Expert's View

Image: Leigh Prather/

Over the last two weeks I’ve written about the difference between the retirement benefits of CSRS and FERS employees, and the special benefit arrangements made for those who are covered by CSRS Offset. Today I want to spell out the benefits that are provided to the spouses of federal employees and retirees.

Survivor death benefits before retirement: FERS
If you are married and covered by FERS, your spouse’s benefit would depend on how long you’ve been employed. If you’ve been on the job for at least 18 months but less than 10 years, your spouse would receive a lump-sum payment of $37,055 in 2022, plus a lump-sum payment that is the greater of either one-half of your annual basic pay or one-half of your “high-3.”
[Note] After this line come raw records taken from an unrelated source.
Lemma tupd_tnth_tupd T m (x : m.-tuple T) i z : tupd (tupd x i z) i (tnth x i) = x.
Proof. by apply: eq_from_tnth => j; rewrite !tnth_tupd; case: eqP => // ->. Qed.

Lemma differ_at_most_one_tupd T m (x : m.-tuple T) i z :
  differ_at_most_one x (tupd x i z).
Proof. by exists i => j ji; rewrite tnth_tupd (negbTE ji). Qed.

Section Resample.
Context {R : realType} {d : measure_display} {Z : measurableType d} {m : nat}.
Context {P : probability Z R} {Pn : probability (m.-tuple Z) R}.
Hypothesis prodPn : is_product_prob P Pn.

Lemma measurable_tupd i :
  measurable_fun setT (fun p : m.-tuple Z * Z => tupd p.1 i p.2).
Proof.
apply/measurable_fun_tnthP => j.
have -> : (fun x => tnth x j) \o (fun p : m.-tuple Z * Z => tupd p.1 i p.2) =
    if j == i then snd else (fun x => tnth x j) \o fst.
  by apply/funext => p /=; rewrite tnth_tupd; case: (j == i).
case: (j == i); first exact: measurable_snd.
exact: measurableT_comp (measurable_tnth j) measurable_fst.
Qed.

Definition resample (i : 'I_m) (p : m.-tuple Z * Z) : m.-tuple Z * Z :=
  (tupd p.1 i p.2, tnth p.1 i).

Lemma measurable_resample i : measurable_fun setT (resample i).
Proof.
apply: measurable_fun_pair; first exact: measurable_tupd.
exact: measurableT_comp (measurable_tnth i) measurable_fst.
Qed.

Definition tbox (B : 'I_m -> set Z) : set (m.-tuple Z) :=
  [set x | forall j, B j (tnth x j)].

Lemma measurable_tbox B : (forall j, measurable (B j)) -> measurable (tbox B).
Proof.
move=> mB; have -> : tbox B = \bigcap_(j in [set: 'I_m]) ((fun x => tnth x j) @^-1` B j).
  by apply/seteqP; split => x /= Bx j; [move=> _|]; exact: (Bx j).
apply: fin_bigcap_measurable; first exact: finite_finset.
by move=> j _; rewrite -[X in measurable X]setTI; exact: measurable_tnth.
Qed.

Definition tbox_rectangles : set (set (m.-tuple Z * Z)) :=
  [set tbox B `*` C | B in [set B | forall j, measurable (B j)] & C in measurable].

Lemma tbox_rectangles_measurable : tbox_rectangles `<=` measurable.
Proof. by move=> _ [B mB [C mC <-]]; apply: measurableX => //; exact: measurable_tbox. Qed.

Lemma setI_closed_tbox_rectangles : setI_closed tbox_rectangles.
Proof.
move=> _ _ [B mB [C mC <-]] [B' mB' [C' mC' <-]].
exists (fun j => B j `&` B' j); first by move=> j; exact: measurableI.
exists (C `&` C'); first exact: measurableI.
rewrite -setXI; congr (_ `*` _); apply/seteqP; split => x /=.
  by move=> BB'x; split => j; have [] := BB'x j.
by move=> [Bx B'x] j; split.
Qed.

Lemma tbox_rectanglesT : tbox_rectangles setT.
Proof.
exists (fun=> setT) => //; exists setT => //.
by rewrite -setXTT; congr (_ `*` _); apply/seteqP; split.
Qed.

Lemma rectangle_section_sigma_algebra (C : set Z) : measurable C ->
  sigma_algebra setT [set A : set (m.-tuple Z) | <<s tbox_rectangles >> (A `*` C)].
Proof.
move=> mC; have [sG0 _ sGU] := smallest_sigma_algebra setT tbox_rectangles.
split => /=; first by rewrite set0X.
- move=> A sGAC.
  have -> : ([set: m.-tuple Z] `\` A) `*` C = (setT `*` C) `\` (A `*` C).
    apply/seteqP; split => -[x z] /=; first by move=> [[_ nAx] Cz]; split => // -[].
    by move=> [[_ Cz] nAxz]; split => //; split => // Ax; apply: nAxz.
  apply: (@measurableD _ (g_sigma_algebraType tbox_rectangles)) => //.
  apply: sub_sigma_algebra; exists (fun=> setT) => //; exists C => //.
  by congr (_ `*` _); apply/seteqP; split.
- by move=> F sGF; rewrite setX_bigcupl; exact: sGU.
Qed.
If you have 10 or more years of service, your spouse would receive all of the above, plus a survivor annuity equal to 50 percent of what you would have received if you had retired on the day you died. Any unmarried children under the age of 18 would also be eligible for survivor benefits—age 22 if they are still in school. There isn’t any age restriction on them if they were incapable of self-support because of a disability that occurred before age 18 and they are unmarried.

Survivor death benefits before retirement: CSRS
If you are married and covered by CSRS, your spouse will receive 55 percent of the annuity you would have received if you were retired when you died. Any children who meet the criteria spelled out under FERS would also be eligible for survivor benefits.

Note: The FERS and CSRS survivor annuities for both spouses and children are increased annually by cost-of-living adjustments (COLAs).

Survivor death benefits after retirement
You are required by law to provide a full survivor annuity for your spouse. The only exceptions are if 1) your spouse agrees in a notarized writing to a lesser amount or none, or 2) there is a court order assigning your survivor benefit to a former spouse.

Under FERS rules, you can elect a survivor annuity that equals either 50 percent or 25 percent of your annuity. The reduction in your basic annuity for a FERS full survivor annuity is exactly 10 percent. For a partial FERS annuity, it’s reduced by 5 percent.

Under CSRS rules you may elect a survivor annuity ranging from $1 per year up to 55 percent of your basic annuity. To pay for that benefit there would be a reduction in your base annuity. If you elected the maximum amount, your annuity would be reduced by approximately 10 percent.

The survivor annuity you elect will be increased by annual cost-of-living adjustments (COLAs) and will continue to be paid for the life of your survivor unless he or she remarries before age 55. That annuity will be increased by any COLAs you received since you retired. From then on, the survivor annuity will be increased by any future COLAs, as would those for your eligible children.

Life insurance and the Thrift Savings Plan
In addition to any survivor annuities your spouse may receive, he or she will be entitled to the proceeds of your Federal Employee’s Group Life Insurance and Thrift Savings Plan account, unless there is a court order that assigns these benefits to someone else or you had designated them toward someone else.

Health benefits
If your spouse receives a survivor annuity and was covered under either the Self Plus One or Self and Family option of your Federal Employees Health Benefits plan when you died, he or she and all eligible children can continue that coverage. If the annuity amount is less than the premiums required, your spouse will be able to make payments directly to OPM to cover the cost.